Lemma gen_commg S T H K :
  is_subgroup H -> is_subgroup K -> normalised_by H K ->
  (forall s, S s -> H s) -> (forall t, T t -> H t) ->
  (forall s t, S s -> T t -> K [~ s, t]) ->
  forall g h, gen S g -> gen T h -> K [~ g, h].
Proof.
move=> sH sK nKH SH TH KST g h Sg Th.
suff [_ KgT] : H g /\ forall h, gen T h -> K [~ g, h] by apply: KgT.
apply: (gen_ind (commg_subgroup_l sH sK nKH (gen T))) Sg => s Ss.
split=> [|h' Th']; first exact: SH.
suff [_ KSh] : H h' /\ forall s, S s -> K [~ s, h'] by apply: KSh.
apply: (gen_ind (commg_subgroup_r sH sK nKH S)) Th' => t Tt.
by split=> [|s' Ss']; [apply: TH | apply: KST].
Qed.

Lemma gen_commg_normal S T K : is_subgroup K -> normal K ->
  (forall s t, S s -> T t -> K [~ s, t]) ->
  forall g h, gen S g -> gen T h -> K [~ g, h].
Proof.
move=> sK nK; apply: (gen_commg (H := fun _ => True)) => //.
exact: normal_normalised.
Qed.

Lemma FGgen_gen x : gen (fun g => exists i, g = FGgen i) x.
Proof.
have -> : x = mkFG (sval x) by apply: val_inj; rewrite /= reduce_id //; case: x.
elim: (sval x) => [|[i s] w IH]; first exact: gen_one.
have -> : mkFG ((i, s) :: w) = mkFG [:: (i, s)] * mkFG w.
  by apply: val_inj; rewrite /= (reduce_id (reduce_reduced w)).
apply: gen_mul => //; case: s.
- have -> : mkFG [:: (i, true)] = (FGgen i)^-1 by apply: val_inj.
  by apply/gen_inv/gen_base; exists i.
- by apply: gen_base; exists i.
Qed.

Lemma commsub_commg A B x y : A x -> B y -> commsub A B [~ x, y].
Proof. by move=> Ax By; apply: gen_base; exists x, y; rewrite FGcommE. Qed.

Lemma commsub_sub A A' B B' : (forall x, A x -> A' x) -> (forall y, B y -> B' y) ->
  forall g, commsub A B g -> commsub A' B' g.
Proof.
move=> AA BB; apply: gen_sub => _ [x [y [Ax [By ->]]]].
by rewrite FGcommE; apply: commsub_commg; [apply: AA | apply: BB].
Qed.
Lemma gamma_ge1 (R : realType) (p q : R) : 0 < p -> p <= q -> p + q < 1 -> 1 <= gamma p q.
Proof.
move=> p_gt0 pq pq_lt1.
have q_gt0 : 0 < q by apply: lt_le_trans pq.
have p1_gt0 : 0 < 1 - p by lra.
have q1_gt0 : 0 < 1 - q by lra.
have a_gt0 : 0 < p / (1 - q) by apply: divr_gt0.
have b_gt0 : 0 < q / (1 - p) by apply: divr_gt0.
have b_lt1 : q / (1 - p) < 1 by rewrite ltr_pdivrMr // mul1r; lra.
have ab : p / (1 - q) <= q / (1 - p).
  rewrite ler_pdivrMr // mulrAC ler_pdivlMr //.
  have : 0 <= (q - p) * (1 - p - q) by apply: mulr_ge0; lra.
  nra.
have ln_b_lt0 : ln (q / (1 - p)) < 0 by apply: ln_lt0; rewrite b_gt0 b_lt1.
have : ln (p / (1 - q)) <= ln (q / (1 - p)) by rewrite ler_ln ?posrE.
by rewrite /gamma ler_ndivlMr //; lra.
Qed.

Lemma min_le_discrepancy (R : realDomainType) (c : R) (m a b : nat) : 1 <= c ->
  (a < m -> m ^ 2 <= b)%N -> (b < m -> m ^ 2 <= a)%N ->
  Num.min ((m ^ 2)%N%:R : R) ((1 + c) * m%:R) <= c * a%:R + b%:R.
Proof.
move=> c_ge1 a_small b_small; rewrite ge_min.
have a_ge0 : 0 <= a%:R :> R := ler0n _ _.
have b_ge0 : 0 <= b%:R :> R := ler0n _ _.
case: (ltnP a m) => [/a_small mb | am].
  apply/orP; left; have : (m ^ 2)%N%:R <= b%:R :> R by rewrite ler_nat.
  nra.
case: (ltnP b m) => [/b_small ma | bm].
  apply/orP; left; have : (m ^ 2)%N%:R <= a%:R :> R by rewrite ler_nat.
  nra.
apply/orP; right.
have : m%:R <= a%:R :> R by rewrite ler_nat.
have : m%:R <= b%:R :> R by rewrite ler_nat.
nra.
Qed.

Theorem corollary2 (R : realType) (n m : nat) (p q : R) :
  (1 <= m)%N -> (3 * m + 1 <= n)%N ->
  0 < p -> p <= q -> 0 < p + q -> p + q < 1 ->
  is_min_discrepancy p q (community_code n m)
    (Num.min ((m ^ 2)%N%:R : R) ((1 + gamma p q) * (m%:R : R))).
Proof.
move=> m_gt0 n_large p_gt0 pq _ pq_lt1.
split; last first.
  move=> x y cx cy xy; apply: min_le_discrepancy (gamma_ge1 p_gt0 pq pq_lt1) _ _.
    exact: dab_lower cx cy xy.
  rewrite dab_swap -[dab y x false true]dab_swap.
  by apply: dab_lower cy cx _; rewrite eq_sym.
rewrite minEle; case: ifP => _.
  have [cx cy d10 d01] := split_witness n_large.
  exists (word_of (step (2 * m) (2 * m))), (word_of (step m (2 * m))); split=> //.
    by apply: neq_of_dab; rewrite d01 expn_gt0 m_gt0.
  by rewrite /discrepancy d10 d01 mulr0 add0r.
have [cx cy d10 d01] := move_witness n_large.
exists (word_of (step m.+1 (2 * m).+1)), (word_of (step m (2 * m).+1)); split=> //.
  by apply: neq_of_dab; rewrite d01.
by rewrite /discrepancy d10 d01 mulrDl mul1r addrC.
Qed.
(* Let $X$ be a string of length $n$, let $k\ge 2$ be an integer, and let $b$ be the number of $k$-breaks in $X$. Then $\tfrac13 b \le \mathrm{BP}_k(X)\le b+3$.
   Context: For a string $Z$, $\mathrm{per}(Z)$ is its smallest period, i.e. the smallest $q\ge1$ with $Z[i]=Z[i+q]$ for all $0\le i<|Z|-q$. $Z$ is $q$-periodic if $\mathrm{per}(Z)\le q$. $X[i..j)$ denotes the substring $X[i]X[i+1]\cdots X[j-1]$. A position $i\in\{0,1,\dots,n-3k\}$ is a $k$-break in $X$ if $i$ is a multiple of $k$ and $\mathrm{per}(X[i..i+3k))>k$. The $k$-block periodicity $\mathrm{BP}_k(X)$ is the smallest $L$ such that $X=X_1\cdots X_L$ with every $X_\ell$ $k$-periodic. *)

From mathcomp Require Import all_boot.
Set Implicit Arguments. Unset Strict Implicit. Unset Printing Implicit Defensive.

Section Strings.
Variable T : eqType.

Definition has_period (Z : seq T) (q : nat) : bool :=
  all (fun i => onth Z i == onth Z (i + q)) (iota 0 (size Z - q)).

Lemma has_period_exists (Z : seq T) :
  exists q, (0 < q) && has_period Z q.
Proof.
exists (size Z).+1; rewrite /has_period.
by have -> : size Z - (size Z).+1 = 0 by apply/eqP; rewrite subn_eq0 leqnSn.
Qed.

Definition per (Z : seq T) : nat := ex_minn (has_period_exists Z).

Definition periodic (q : nat) (Z : seq T) : bool := per Z <= q.

Definition substr (X : seq T) (i j : nat) : seq T := take (j - i) (drop i X).

Definition is_kbreak (k : nat) (X : seq T) (i : nat) : bool :=
  [&& i + 3 * k <= size X, k %| i & k < per (substr X i (i + 3 * k))].

Definition num_kbreaks (k : nat) (X : seq T) : nat :=
  count (is_kbreak k X) (iota 0 (size X).+1).

Definition kblock_decomp (k : nat) (X : seq T) (L : nat) : Prop :=
  exists ss : seq (seq T),
    [/\ size ss = L, flatten ss = X & all (periodic k) ss].

Definition is_BP (k : nat) (X : seq T) (L : nat) : Prop :=
  kblock_decomp k X L /\ forall L', kblock_decomp k X L' -> L <= L'.

End Strings.

(* Lower bound: a window X[i..i+3k) that is not k-periodic cannot lie inside a
   single block, so some block boundary lies strictly inside it; a boundary lies
   strictly inside at most three windows starting at multiples of k.
   Upper bound: by Fine and Wilf, two k-periodic windows overlapping in 2k
   positions have a k-periodic union, so a run of consecutive non-break windows
   forms a single block.  Cutting greedily, every block except the last three
   is charged to its own break. *)

From mathcomp Require Import all_boot zify.
From Stdlib Require Import Classical_Prop Wf_nat.
Set Implicit Arguments. Unset Strict Implicit. Unset Printing Implicit Defensive.
(* Let $R$ be a commutative noetherian ring and $A=R[T]$. Let $I\subseteq A$ be a locally complete intersection ideal of height $r$ such that $T$ is a nonzerodivisor on $A/I$. Then the commutative square of natural maps $$\begin{array}{ccc} I/TI^2 & \to & I/TI\\ \downarrow && \downarrow\\ I/I^2 & \to & I/(I^2+TI)\end{array}$$ is Cartesian. Moreover, with $I(0)\subseteq R$ the image of $I$ under $T\mapsto0$, the natural maps give isomorphisms $I/TI\cong I(0)$ and $I/(I^2+TI)\cong I(0)/I(0)^2$.
   Context: ''$I$ is a locally complete intersection ideal'' is used in the sense that $I$ is locally generated by a regular sequence, so that $I/I^2$ is a projective $A/I$-module. *)

From mathcomp Require Import all_boot all_algebra.
Set Implicit Arguments. Unset Strict Implicit. Unset Printing Implicit Defensive.
Import GRing.Theory.
Local Open Scope ring_scope.

Section Defs.
Variable R : comRingType.

Definition is_ideal (J : R -> Prop) : Prop :=
  [/\ J 0, (forall x y, J x -> J y -> J (x + y)) & (forall a x, J x -> J (a * x))].

Definition is_prime (P : R -> Prop) : Prop :=
  [/\ is_ideal P, ~ P 1 & (forall a b, P (a * b) -> P a \/ P b)].

Definition subset (J K : R -> Prop) : Prop := forall x, J x -> K x.

Definition ideal_gen (n : nat) (f : 'I_n -> R) (k : nat) (x : R) : Prop :=
  exists c : 'I_n -> R, x = \sum_(i < n | (i < k)%N) c i * f i.

Definition noetherian : Prop :=
  forall J, is_ideal J -> exists n (f : 'I_n -> R), forall x, J x <-> ideal_gen f n x.

Definition prime_chain (n : nat) (Q : nat -> R -> Prop) : Prop :=
  (forall i, (i <= n)%N -> is_prime (Q i)) /\
  (forall i, (i < n)%N -> subset (Q i) (Q i.+1) /\ exists x, Q i.+1 x /\ ~ Q i x).
Lemma Ex_gain_pRec_ge0 t a : Ex mu2 <= Ex mu1 -> 0 < eps ->
  eps <= EGplus P mu1 mu2 D alg N0 eps / 3 ->
  0 <= Ex (fun w => (mw w a - mw w (~~ a)) * pRec t a (mw w)).
Proof.
move=> Emu eps_gt0; rewrite EGplus_gapPlus Ex_gain_pRec => eps_le.
have [t_N0|N0_t] := ltnP t.-1 N0; first exact: initial_gain_ge0.
have G_le1 := gapPlus_le1 arm2.
have eps_01 : 0 <= eps <= 1 by apply/andP; split; lra.
under eq_bigr => s _ do rewrite /Defs.recProb size_tuple ltnNge N0_t /= mulrDl -!mulrA.
rewrite big_split -!mulr_sumr /=.
have := explore_gain_ge t.-1 a eps_01; have := exploit_gain_ge a eps_01 N0_t Emu.
nra.
Qed.

End HistoryModel.

Theorem theorem11p16 (R : realType) (d : measure_display) (T : measurableType d)
  (P : probability T R) (mu1 mu2 : T -> R)
  (V : finType) (rv : V -> R) (D : R -> V -> R)
  (alg : seq (arm * V) -> R) (N0 : nat) (eps : R) :
  measurable_fun setT mu1 -> measurable_fun setT mu2 ->
  (forall w, 0 <= mu1 w <= 1) -> (forall w, 0 <= mu2 w <= 1) ->
  (forall v, 0 <= rv v <= 1) ->
  (forall x v, 0 <= x <= 1 -> 0 <= D x v) ->
  (forall x, 0 <= x <= 1 -> \sum_v D x v = 1) ->
  (forall x, 0 <= x <= 1 -> \sum_v D x v * rv v = x) ->
  (forall v, measurable_fun (`[0%R, 1%R]%classic : set R) (fun x : R => D x v)) ->
  (forall h, 0 <= alg h <= 1) ->
  Ex P mu2 <= Ex P mu1 ->
  0 < eps ->
  eps <= EGplus P mu1 mu2 D alg N0 eps / 3 ->
  BIC_RHE P mu1 mu2 D alg N0 eps.
Proof.
(* The reward values [rv] and the means of the [D x] play no role: the argument
   only uses that each [D x] is a distribution depending measurably on [x]. *)
move=> mmu1 mmu2 mu1_01 mu2_01 _ D_ge0 sum_D _ mD alg_01 Emu eps_gt0 eps_le.
move=> t a _ PrRec_gt0; apply: divr_ge0 (ltW PrRec_gt0).
exact: (Ex_gain_pRec_ge0 mmu1 mmu2 mu1_01 mu2_01 D_ge0 sum_D mD alg_01).
Qed.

**Work task:** Take from the listing above each line that contains the string "case".

**Task result:**
have -> : x = mkFG (sval x) by apply: val_inj; rewrite /= reduce_id //; case: x.
apply: gen_mul => //; case: s.
case: (ltnP a m) => [/a_small mb | am].
case: (ltnP b m) => [/b_small ma | bm].
rewrite minEle; case: ifP => _.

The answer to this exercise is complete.